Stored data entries
▶
Lemma lub_diag {L M} :
  (forall i, is_lub E R (a i) (L i)) -> is_lub E R L M -> is_lub E R (fun k => a k k) M.
Proof.
  intros HL HM; split; [exact (lub_elem HM)|split].
  - intros k; rewrite (lub_ub k (HL k)); exact (lub_ub k HM).
  - intros u Eu Hu; apply (lub_least HM Eu); intros i.
    apply (lub_least (HL i) Eu); intros j.
    rewrite <- (Hu (max i j)).
    transitivity (a (max i j) j).
    + apply (chain_le (c := fun i' => a i' j)); [intros k; apply a_mono_l | lia].
    + apply (chain_le (c := a (max i j))); [intros k; apply a_mono_r | lia].
Qed.

End Diagonal.

Lemma lub_swap (a : nat -> nat -> A) {L L' M'} :
  (forall i j, R (a i j) (a (S i) j)) -> (forall i j, R (a i j) (a i (S j))) ->
  (forall i, is_lub E R (a i) (L i)) -> (exists M, is_lub E R L M) ->
  (forall j, is_lub E R (fun i => a i j) (L' j)) -> is_lub E R L' M' -> is_lub E R L M'.
Proof.
  intros Hl Hr HL [M HM] HL' HM'.
  pose proof (lub_diag a Hl Hr HL HM) as Hdiag.
  pose proof (lub_diag (fun i j => a j i) (fun i j => Hr j i) (fun i j => Hl j i) HL' HM')
    as Hdiag'.
  apply (lub_equiv HM (lub_elem HM')); eapply lub_unique; eauto.
Qed.

End Lub.

Lemma chain_tail {A} {R : A -> A -> Prop} {c} N : chain R c -> chain R (fun j => c (N + j)).
Proof. intros Hc j; rewrite Nat.add_succ_r; apply Hc. Qed.

#[global] Instance liftle_PreOrder {A} {R : A -> A -> Prop} `{PreOrder A R} :
  PreOrder (liftle R).
Proof.
  split.
  - intros [| |a]; simpl; auto; reflexivity.
  - intros [| |a] [| |b] [| |c]; simpl; try tauto; apply transitivity.
Qed.

Lemma lift_chain_star {A} {R : A -> A -> Prop} {u : nat -> lift A} {K} :
  chain (liftle R) u -> u K = Star -> forall j, u (K + j) = Star.
Proof.
  intros Hu HK j; induction j as [|j IH]; [now rewrite Nat.add_0_r|].
  specialize (Hu (K + j)); rewrite IH, <- Nat.add_succ_r in Hu.
  destruct (u (K + S j)); simpl in Hu; tauto.
Qed.

Section Lift.
Context {A : Type} {E : A -> Prop} {R : A -> A -> Prop} `{PreOrder A R}.

Notation LE := (liftelem E).
Notation LR := (liftle R).

Lemma lub_Val {c l} : is_lub LE LR (fun k => Val (c k)) (Val l) <-> is_lub E R c l.
Proof.
  split; intros (El & Hub & Hleast); split; auto; split; auto.
  - intros u Eu Hu; exact (Hleast (Val u) Eu Hu).
  - intros [| |u] Eu Hu; try (specialize (Hu 0); contradiction).
    exact (Hleast u Eu Hu).
Qed.

Lemma lift_chain_val {u K a} : (forall k, LE (u k)) -> chain LR u -> u K = Val a ->
  exists ac, (forall j, u (K + j) = Val (ac j)) /\ (forall j, E (ac j)) /\ chain R ac.
Proof.
  intros Eu Hu HK.
  assert (Hval : forall j, exists b, u (K + j) = Val b).
  { induction j as [|j [b Hb]]; [rewrite Nat.add_0_r; eauto|].
    specialize (Hu (K + j)); rewrite Hb, <- Nat.add_succ_r in Hu.
    destruct (u (K + S j)); simpl in Hu; try tauto; eauto. }
  set (ac := fun j => match u (K + j) with Val b => b | _ => a end).
  assert (Hac : forall j, u (K + j) = Val (ac j)).
  { intros j; unfold ac; destruct (Hval j) as [b ->]; reflexivity. }
  exists ac; split; [exact Hac|split].
  - intros j; specialize (Eu (K + j)); rewrite Hac in Eu; exact Eu.
  - intros j; specialize (Hu (K + j)).
    rewrite <- Nat.add_succ_r, (Hac j), (Hac (S j)) in Hu; exact Hu.
Qed.

Lemma lift_lub_star {u} K : chain LR u -> u K = Star -> is_lub LE LR u Star.
Proof.
  intros Hu HK; apply (lub_tail K Hu).
  replace (fun j => u (K + j)) with (fun _ : nat => @Star A).
  - apply lub_const; exact I.
  - apply functional_extensionality; intros j; now rewrite (lift_chain_star Hu HK).
Qed.

Lemma lift_lub_val {u K ac a} : chain LR u -> (forall j, u (K + j) = Val (ac j)) ->
  is_lub E R ac a -> is_lub LE LR u (Val a).
Proof.
  intros Hu Hac Ha; apply (lub_tail K Hu).
  replace (fun j => u (K + j)) with (fun j => Val (ac j)).
  - now apply lub_Val.
  - apply functional_extensionality; intros j; now rewrite Hac.
Qed.

Lemma lift_lub_inv {u l} : (forall k, LE (u k)) -> chain LR u -> is_lub LE LR u l ->
  (l = Bot /\ forall k, u k = Bot) \/ (l = Star /\ exists K, u K = Star) \/
  (exists K ac a, l = Val a /\ (forall j, u (K + j) = Val (ac j)) /\
     (forall j, E (ac j)) /\ chain R ac /\ is_lub E R ac a).
Proof.
  intros Eu Hu Hl.
  destruct (classic (exists K, u K <> Bot)) as [[K HK]|Hbot].
  - pose proof (lub_ub K Hl) as HKl.
    destruct (u K) as [| |a] eqn:EK; [contradiction| |].
    + right; left; destruct l; simpl in HKl; try contradiction; eauto.
    + right; right.
      destruct (lift_chain_val Eu Hu EK) as (ac & Hac & Eac & Cac).
      destruct l as [| |b]; simpl in HKl; try contradiction.
      exists K, ac, b; do 4 (split; [auto|]).
      apply lub_Val.
      replace (fun j => Val (ac j)) with (fun j => u (K + j))
        by (apply functional_extensionality; intros j; apply Hac).
      now apply (lub_tail K Hu).
  - assert (Hb : forall k, u k = Bot)
      by (intros k; apply NNPP; intros Hk; apply Hbot; eauto).
    left; split; [|exact Hb].
    assert (Hlb : LR l Bot) by (apply (lub_least (u := Bot) Hl I); intros k; now rewrite Hb).
    destruct l; simpl in Hlb; tauto.
Qed.

Lemma lift_lub_exists :
  (forall c, (forall k, E (c k)) -> chain R c -> exists l, is_lub E R c l) ->
  forall u, (forall k, LE (u k)) -> chain LR u -> exists l, is_lub LE LR u l.
Proof.
  intros Hex u Eu Hu.
  destruct (classic (exists K, u K <> Bot)) as [[K HK]|Hbot].
  - destruct (u K) as [| |a] eqn:EK; [contradiction| |].
    + exists Star; exact (lift_lub_star K Hu EK).
    + destruct (lift_chain_val Eu Hu EK) as (ac & Hac & Eac & Cac).
      destruct (Hex ac Eac Cac) as [a' Ha'].
      exists (Val a'); exact (lift_lub_val Hu Hac Ha').
  - exists Bot.
    replace u with (fun _ : nat => @Bot A).
    + apply lub_const; exact I.
    + apply functional_extensionality; intros k; apply NNPP; intros Hk; apply Hbot; eauto.
Qed.

End Lift.

Section Bind.
Context {A B : Type} {E : A -> Prop} {R : A -> A -> Prop} `{PreOrder A R}
  {E' : B -> Prop} {R' : B -> B -> Prop} `{PreOrder B R'}.

Lemma bind_lub {u : nat -> lift A} {ul} {K : nat -> A -> lift B} {Kl} :
  (forall k, liftelem E (u k)) -> chain (liftle R) u -> is_lub (liftelem E) (liftle R) u ul ->
  (forall k a a', E a -> E a' -> R a a' -> liftle R' (K k a) (K (S k) a')) ->
  (forall N ac al, (forall j, E (ac j)) -> chain R ac -> is_lub E R ac al ->
     is_lub (liftelem E') (liftle R') (fun j => K (N + j) (ac j)) (Kl al)) ->
  is_lub (liftelem E') (liftle R') (fun k => bind (u k) (K k)) (bind ul Kl).
Proof.
  intros Eu Hu Hul Kmono Klub.
  assert (Hb : chain (liftle R') (fun k => bind (u k) (K k))).
  { intros k; specialize (Hu k); pose proof (Eu k); pose proof (Eu (S k)).
    destruct (u k), (u (S k)); simpl in *; try tauto; auto. }
  destruct (lift_lub_inv Eu Hu Hul)
    as [[-> Hbot] | [[-> [K0 HK]] | (K0 & ac & a & -> & Hac & Eac & Cac & Ha)]]; simpl.
  - replace (fun k => bind (u k) (K k)) with (fun _ : nat => @Bot B).
    + apply lub_const; exact I.
    + apply functional_extensionality; intros k; now rewrite Hbot.
  - apply (lift_lub_star K0 Hb); simpl; now rewrite HK.
  - apply (lub_tail K0 Hb).
    replace (fun j => bind (u (K0 + j)) (K (K0 + j))) with (fun j => K (K0 + j) (ac j)).
    + now apply Klub.
    + apply functional_extensionality; intros j; now rewrite Hac.
Qed.

End Bind.

Section Domains.
Variable X : Type.

#[global] Instance le_PreOrder t : PreOrder (le X t).
Proof.
  induction t as [|t1 _ t2 IH2]; split.
  - intros b; reflexivity.
  - intros a b c; simpl; congruence.
  - intros f P d _; reflexivity.
  - intros f g k Hfg Hgk P d Hd; transitivity (g P d); auto.
Qed.

(* [elem X (TArr t1 t2) f] unfolds to [forall P, continuous t1 t2 (f P)]. *)
Definition continuous t1 t2 (phi : raw X t1 -> lift (raw X t2)) : Prop :=
  (forall d, elem X t1 d -> liftelem (elem X t2) (phi d)) /\
  (forall d d', elem X t1 d -> elem X t1 d' -> le X t1 d d' ->
     liftle (le X t2) (phi d) (phi d')) /\
  (forall c l, (forall k, elem X t1 (c k)) -> chain (le X t1) c ->
     is_lub (elem X t1) (le X t1) c l ->
     is_lub (liftelem (elem X t2)) (liftle (le X t2)) (fun k => phi (c k)) (phi l)).

Lemma arrow_lub_intro {t1 t2} {c : nat -> raw X (TArr t1 t2)} {l : raw X (TArr t1 t2)} :
  elem X _ l ->
  (forall P d, elem X t1 d ->
     is_lub (liftelem (elem X t2)) (liftle (le X t2)) (fun k => c k P d) (l P d)) ->
  is_lub (elem X _) (le X _) c l.
Proof.
  intros El Hl; split; [exact El|split].
  - intros k P d Hd; exact (lub_ub k (Hl P d Hd)).
  - intros u Eu Hu P d Hd.
    exact (lub_least (Hl P d Hd) (proj1 (Eu P) d Hd) (fun k => Hu k P d Hd)).
Qed.

Definition has_lubs t : Prop :=
  forall c, (forall k, elem X t (c k)) -> chain (le X t) c ->
  exists l, is_lub (elem X t) (le X t) c l.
◀
**Assigned task**
Among the lines above, find those with the word "specialize" and list them.

**Exercise result**
  specialize (Hu (K + j)); rewrite IH, <- Nat.add_succ_r in Hu.
  - intros [| |u] Eu Hu; try (specialize (Hu 0); contradiction).
    specialize (Hu (K + j)); rewrite Hb, <- Nat.add_succ_r in Hu.
  - intros j; specialize (Eu (K + j)); rewrite Hac in Eu; exact Eu.
  - intros j; specialize (Hu (K + j)).
  { intros k; specialize (Hu k); pose proof (Eu k); pose proof (Eu (S k)).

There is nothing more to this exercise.